The Double-Column Problem

This would all be nice if there were not document classes which have two columns, such as IEEE’s IEEEtran and ACM’s sig-alternate. Putting our environment, as is, into a double-spaced document could mean that the figure series begins in the middle of the left column, fills this column with sub-figures, breaks over to the right column, and continues filling this column with sub-figures until its middle. That would look extremely odd. A figure series will usually contain many sub-figures and should thus span over the whole page width. We can achieve this by temporarily switching double-column documents to single-column ones by using the command \onecolumn and later, after our series, switch back to double-column mode using the command \twocolumn.

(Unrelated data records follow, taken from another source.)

Theorem lemma5
  (R : realType) (d : measure_display) (T : measurableType d) (P : probability T R)
  (n k t r : nat) (hkn : (k <= n)%N)
  (F : fieldType) (G : 'M[F]_(k, n)) (grp : 'I_k -> 'I_t -> {set 'I_n})
  (Hcode : systematic_rt_available r hkn G grp)
  (lam mu : R) (hlam : 0 < lam) (hmu : 0 < mu)
  (p : 'I_k -> R) (hp0 : forall i, 0 <= p i) (hp1 : \sum_i p i = 1)
  (X : nat -> T -> R)              (* interarrival times *)
  (Sv : nat -> 'I_n -> T -> R)     (* service times *)
  (Ch : nat -> T -> 'I_k)          (* object chosen by request j (FJ-GA, FJ-SM) *)
  (mX : forall j, measurable_fun setT (X j))
  (mS : forall j s, measurable_fun setT (Sv j s))
  (mCh : forall j i, measurable [set w | Ch j w = i])
  (dX : forall j A, measurable A -> P (X j @^-1` A) = exponential_prob lam A)
  (dS : forall j s A, measurable A -> P (Sv j s @^-1` A) = exponential_prob mu A)
  (dCh : forall j i, P [set w | Ch j w = i] = (p i)%:E)
  (indep : mutually_independent P (prim_rv X Sv Ch)) :
  forall x : R, 0 <= x ->
    let T_GA j w := fj_departure hkn grp (arrivals X w) (Ch^~ w) (fun j s => Sv j s w) j
                    - arrivals X w j in
    let T_FA i0 j w := fj_departure hkn grp (arrivals X w) (fun _ => i0) (fun j s => Sv j s w) j
                    - arrivals X w j in
    let T_SM j w := sm_departure hkn grp (arrivals X w) (Ch^~ w) (fun j s => Sv j s w) j
                    - arrivals X w j in
    (forall lGA lSM : R,
       (fun j : nat => fine (P [set w | x < T_GA j w])) @ \oo --> lGA ->
       (fun j : nat => fine (P [set w | x < T_SM j w])) @ \oo --> lSM ->
       lGA <= lSM) /\
    (forall (i0 : 'I_k) (lFA lSM : R),
       (fun j : nat => fine (P [set w | x < T_FA i0 j w])) @ \oo --> lFA ->
       (fun j : nat => fine (P [set w | x < T_SM j w])) @ \oo --> lSM ->
       lFA <= lSM).
Proof.
move=> x _ T_GA T_FA T_SM.
have [_ code] := Hcode.
have card_grp i g : #|grp i g| = r by have [] := code i.
have role_inj i : injective (@role_server t r n k hkn grp i).
  by have [_ [disj [notin _]]] := code i; apply: role_server_inj.
split=> [lGA lSM|i0 lFA lSM] cvg_FJ cvg_SM; apply: (ler_cvg_to cvg_FJ cvg_SM); apply: nearW => j.
  by apply: (fj_sojourn_le_sm_sojourn hkn grp mX mS dS); exact: mCh.
rewrite /T_SM -(sm_sojourn_law_file_invariant card_grp role_inj mX mS mCh dS indep x j i0).
apply: (fj_sojourn_le_sm_sojourn hkn grp mX mS dS) => *; exact: measurable_const_set.
Qed.
Lemma truncated_svd_sum_sqr (R : realType) n q (G : 'M[R]_n) s :
  (q <= n)%N -> singular_values G s ->
  exists2 Y : 'M[R]_n, (\rank Y <= q)%N &
    \sum_i \sum_j (G - Y) i j ^+ 2 = \sum_(j < n | (q <= j)%N) s j ^+ 2.
Proof.
move=> le_qn /gram_diagonalization [Q Q_unit QM]; set M := G^T *m G in QM.
set B := rowsub (widen_ord le_qn) Q.
have B_free : row_free B.
  have -> : B = pid_mx q *m Q by rewrite (pid_mxErow _ le_qn) mul_rowsub_mx mul1mx.
  by rewrite /row_free mxrankMfree ?row_free_unit // rank_pid_mx.
have BM : B *m M = diag_mx (\row_j s (widen_ord le_qn j) ^+ 2) *m B.
  rewrite mul_rowsub_mx QM rowsub_diag_mulmx; congr (diag_mx _ *m _).
  by apply/rowP => j; rewrite !mxE.
exists (G *m rowspace_proj B).
  exact: leq_trans (mxrankM_maxr _ _) (mxrank_rowspace_proj B).
rewrite sum_sqr_sub_mulmx_proj ?trmx_rowspace_proj ?rowspace_proj_idem // -/M.
have -> : \tr M = \tr (diag_mx (\row_i s i ^+ 2)).
  by rewrite -[M](mulKmx Q_unit) QM mxtrace_mulC mulmxK.
have sum_row m (f : 'I_m -> R) : \sum_i (\row_i f i) 0 i = \sum_i f i.
  by apply: eq_bigr => i _; rewrite mxE.
rewrite (mxtrace_mul_rowspace_proj B_free BM) mxtrace_diag !sum_row.
rewrite (bigID (fun i : 'I_n => (i < q)%N)) /= big_ord_narrow addrAC subrr add0r.
by apply: eq_bigl => i; rewrite -leqNgt.
Qed.

Section BestRankApproximation.
Variables (R : realType) (n q : nat) (G X : 'M[R]_n) (s : 'I_n -> R).
Hypotheses (le_qn : (q <= n)%N) (X_best : best_rank_approx q G X)
  (G_sv : singular_values G s).

Lemma best_rank_approx_sum_sqr_le :
  \sum_i \sum_j (G - X) i j ^+ 2 <= \sum_(j < n | (q <= j)%N) s j ^+ 2.
Proof.
have [Y rank_Y <-] := truncated_svd_sum_sqr le_qn G_sv.
have sum_ge0 (M : 'M[R]_n) : 0 <= \sum_i \sum_j M i j ^+ 2.
  by rewrite sumr_ge0 // => i _; rewrite sumr_ge0 // => j _; rewrite sqr_ge0.
by rewrite -ler_sqrt ?sum_ge0 //; apply: X_best.2.
Qed.

Lemma best_rank_approx_entry_le i j :
  `|(G - X) i j| <= \sum_(k < n | (q <= k)%N) s k.
Proof.
have s_ge0 k : 0 <= s k by case: G_sv.
rewrite -ler_sqr ?nnegrE ?normr_ge0 ?sumr_ge0 // real_normK ?num_real //.
apply: le_trans (ler_term_sum2 (fun i j => sqr_ge0 ((G - X) i j)) i j) _.
apply: le_trans best_rank_approx_sum_sqr_le _.
exact: sum_sqr_le_sqr_sum.
Qed.

End BestRankApproximation.

Section HadamardRealComplex.
Variable R : realType.
Local Notation toCmx := (map_mx (@toC R)).

Lemma toCE (x : R) : toC x = real_complex R x. Proof. by []. Qed.

Lemma hadamard_toCB m n (M N : 'M[R]_(m, n)) (F : 'M[Cx R]_(m, n)) :
  hadamard (toCmx (M - N)) F = hadamard (toCmx M) F - hadamard (toCmx N) F.
Proof. by apply/matrixP => i j; rewrite !mxE !toCE rmorphB mulrBl. Qed.

Lemma sum_diag_mulmx_diag m n q (U : 'M[R]_(m, q)) (V : 'M[R]_(n, q))
    (F : 'M[Cx R]_(m, n)) :
  \sum_(j < q) (diag_mx (toCmx (col j U)^T) *m F *m diag_mx (toCmx (col j V)^T))
  = hadamard (toCmx (U *m V^T)) F.
Proof.
apply/matrixP => a b; rewrite summxE !mxE toCE rmorph_sum mulr_suml.
by apply: eq_bigr => j _; rewrite mul_mx_diag mul_diag_mx !mxE !toCE rmorphM /=; ring.
Qed.

End HadamardRealComplex.

Theorem theorem6 (R : realType) (n p k q : nat) (r : R)
  (f : 'I_p -> Cx R -> Cx R) (A : 'I_p -> 'M[Cx R]_n) (W : 'M[Cx R]_(n, k.+1))
  (U V : 'M[R]_(k.+1, q)) (s : 'I_(k.+1) -> R) :
  0 < r ->
  (forall m, analytic_on_disk r (f m)) ->
  (1 <= k)%N ->
  (1 <= q)%N -> (q <= k.+1)%N ->
  best_rank_approx q (Gmx R k) (U *m V^T) ->
  singular_values (Gmx R k) s ->
  let Z := \sum_(m < p) A m *m W *m hadamard (map_mx (@toC R) (Gmx R k)) (Fmx k (f m)) in
  let Zt := \sum_(m < p) A m *m
      \sum_(j < q) (W *m diag_mx (map_mx (@toC R) (col j U)^T) *m Fmx k (f m)
                      *m diag_mx (map_mx (@toC R) (col j V)^T)) in
  frobC (Z - Zt) <=
    (\sum_(m < p) opnorm2 (A m *m W) * frobC (Fmx k (f m)))
    * \sum_(j < k.+1 | (q <= j)%N) s j.
Proof.
move=> _ _ _ _ le_qk best G_sv; cbv zeta.
set E := Gmx R k - U *m V^T.
have Z_err m : A m *m W *m hadamard (map_mx (@toC R) (Gmx R k)) (Fmx k (f m))
    - A m *m \sum_(j < q) (W *m diag_mx (map_mx (@toC R) (col j U)^T) *m Fmx k (f m)
                             *m diag_mx (map_mx (@toC R) (col j V)^T))
    = A m *m W *m hadamard (map_mx (@toC R) E) (Fmx k (f m)).
  rewrite (_ : \sum_j _ = W *m hadamard (map_mx (@toC R) (U *m V^T)) (Fmx k (f m))).
    by rewrite mulmxA -mulmxBr -hadamard_toCB.
  by rewrite -sum_diag_mulmx_diag mulmx_sumr; apply: eq_bigr => j _; rewrite !mulmxA.
rewrite -sumrB (eq_bigr _ (fun m _ => Z_err m)) mulr_suml.
apply: le_trans (frobC_sum _) (ler_sum _ _) => m _.
apply: le_trans (frobC_mulmx_le _ _) _; rewrite -mulrA ler_wpM2l ?opnorm2_ge0 // mulrC.
apply: frobC_hadamard_le => [|i j]; last exact: best_rank_approx_entry_le.
by rewrite sumr_ge0 // => j _; case: G_sv.
Qed.
(* [rho] makes c_o positive and the parity of i turns the resulting sign patterns
   [j < i] of [sgn_prec] into alternating ones. *)
Definition reori : {set 'I_r.+2} := [set i | rho (label i) (+) ~~ odd i].

Lemma smap_label_alt_circ j :
  smap label (reorient reori (alt_circ j)) = circb (label j) (~~ delta (label j)).
Proof.
have [ljS lj] := labelP j.
set Z := circb _ _; set Y := reorient _ _.
suff memZ i : (label i \in pos Z) = (i \in pos Y) /\ (label i \in neg Z) = (i \in neg Y).
  apply: smap_eq => [|i|i]; [|exact: (memZ i).1|exact: (memZ i).2].
  by rewrite imset_label supp_circb ?subD1set.
have [liS li] := labelP i; have [-> ->] := mem_reorient_alt_circ reori j i.
rewrite pos_circb // neg_circb // (inj_eq label_inj) inE; case: (i =P j) => [//|/eqP ij].
rewrite sgn_prec ?(inj_eq label_inj) 1?eq_sym // prec_rankE // li lj.
by case: (odd i); case: (j < i); case: (rho (label i)); case: (delta (label j)).
Qed.

Lemma smap_label_sopp_alt_circ j :
  smap label (reorient reori (sopp (alt_circ j))) = circb (label j) (delta (label j)).
Proof. by rewrite -[delta _]negbK circb_negb -smap_label_alt_circ. Qed.

Lemma label_alt_iso : om_iso M (alt_circuits r.+2 r).
Proof.
exists label, reori; split; [exact: label_inj|exact: imset_label|].
apply/setP => X; apply/idP/imsetP => [/circuit_circb [x xS [b ->]]|[Y]].
  have /imsetP [j _ ->] : x \in label @: setT by rewrite imset_label.
  exists (if b == delta (label j) then sopp (alt_circ j) else alt_circ j).
    by apply/mem_alt_circuits; exists j; case: ifP; [right|left].
  case: ifP => [/eqP ->|/negbT]; first by rewrite smap_label_sopp_alt_circ.
  by rewrite smap_label_alt_circ; case: b; case: (delta _).
case/mem_alt_circuits => j [] -> ->.
  by rewrite smap_label_alt_circ circb_in ?(labelP j).1.
by rewrite smap_label_sopp_alt_circ circb_in ?(labelP j).1.
Qed.
End Order.

Lemma uniform_om_corank2_iso : om_iso M (alt_circuits r.+2 r).
Proof.
have [o oS] : exists o, o \in S by apply/set0Pn; rewrite -card_gt0 cardM.
exact: label_alt_iso oS.
Qed.
End Corank2Circuits.

Theorem lemma11p3 (E : finType) (C : {set sset E}) :
  is_OM [set: E] C ->
  om_uniform [set: E] C ->
  4 <= om_rank [set: E] C ->
  2 <= om_corank [set: E] C ->
  exists N : OM E,
    is_minor (([set: E], C) : OM E) N /\ om_iso N (alt_circuits 6 4).
Proof.
move=> isOM unifC rank_ge4 corank_ge2.
have HM := uniform_om_of_is_OM isOM unifC; set r := om_rank _ _ in HM rank_ge4 corank_ge2.
have [|N1 [minN1 HN1 cardN1]] := uniform_om_delete_to_corank2 HM.
  by rewrite /om_corank -/r in corank_ge2; rewrite /=; lia.
have [N2 [minN2 HN2 cardN2]] := uniform_om_contract_to_rank HN1 cardN1 rank_ge4.
exists N2; split; first exact: rt_trans minN1 minN2.
exact: uniform_om_corank2_iso HN2 cardN2.
Qed.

Page Breaks induced by \onecolumn and \twocolumn

The problem is that these two commands will always create a page break before switching the column mode. For the \onecolumn command, this is not a big deal. We can always let our figure series float using \afterpage. It would begin on the next page and since there is necessarily is a page break between the current page and the next page, the page break created by \onecolumn does not change anything.

\afterpage in Double-Column Mode

The \afterpage command behaves slightly different in double-column mode than in single-column mode. More precisely, in double-column mode, if called in the first column, it prints its contents at the start of the next (second, right) column instead on the next page. If called in the right column, it prints its stuff at the start of the left column on the next page. We can solve this minor issue by simply wrapping our figure series into two \afterpages if we are in the left column (which we can detect via \if@firstcolumn.

The Page Break after \twocolumn

While we could defuse the page break after the \onecolumn command, the one after \twocolumn poses a much more severe problem. This page break will potentially leave a larger fraction of the page blank, which does not look nice. We cannot \afterpage it away, since then the document’s main text would be set in single-column mode until the next page where it would be typeset in double-column again. One simple trick is to \let\clearpage\relax, i.e., to set the \clearpage command (used inside \twocolumn) to do nothing before \twocolumn and to restore it afterwards. However, this will break the layout completely: The text in the left column after our figure series will start nicely below the figure series. The text in the right column, however, will start at the top of the page — right inside the space occupied by the sub-figures!

Restoring Occupied Space in the Right Column

So we can either have an (potentially) almost blank page or text written over our figures. One way out of this may be as follows: Assume that we can somehow find out where exactly (vertically speaking) our figure series ends. If we know this “height” occupied by our figure series, then we could create an object at the top of the right column occupying the same amount of space. This object could be invisible, say a \vspace. Then, the text in the right column would start at the same vertical offset as the text in the left column, i.e., right under our figure.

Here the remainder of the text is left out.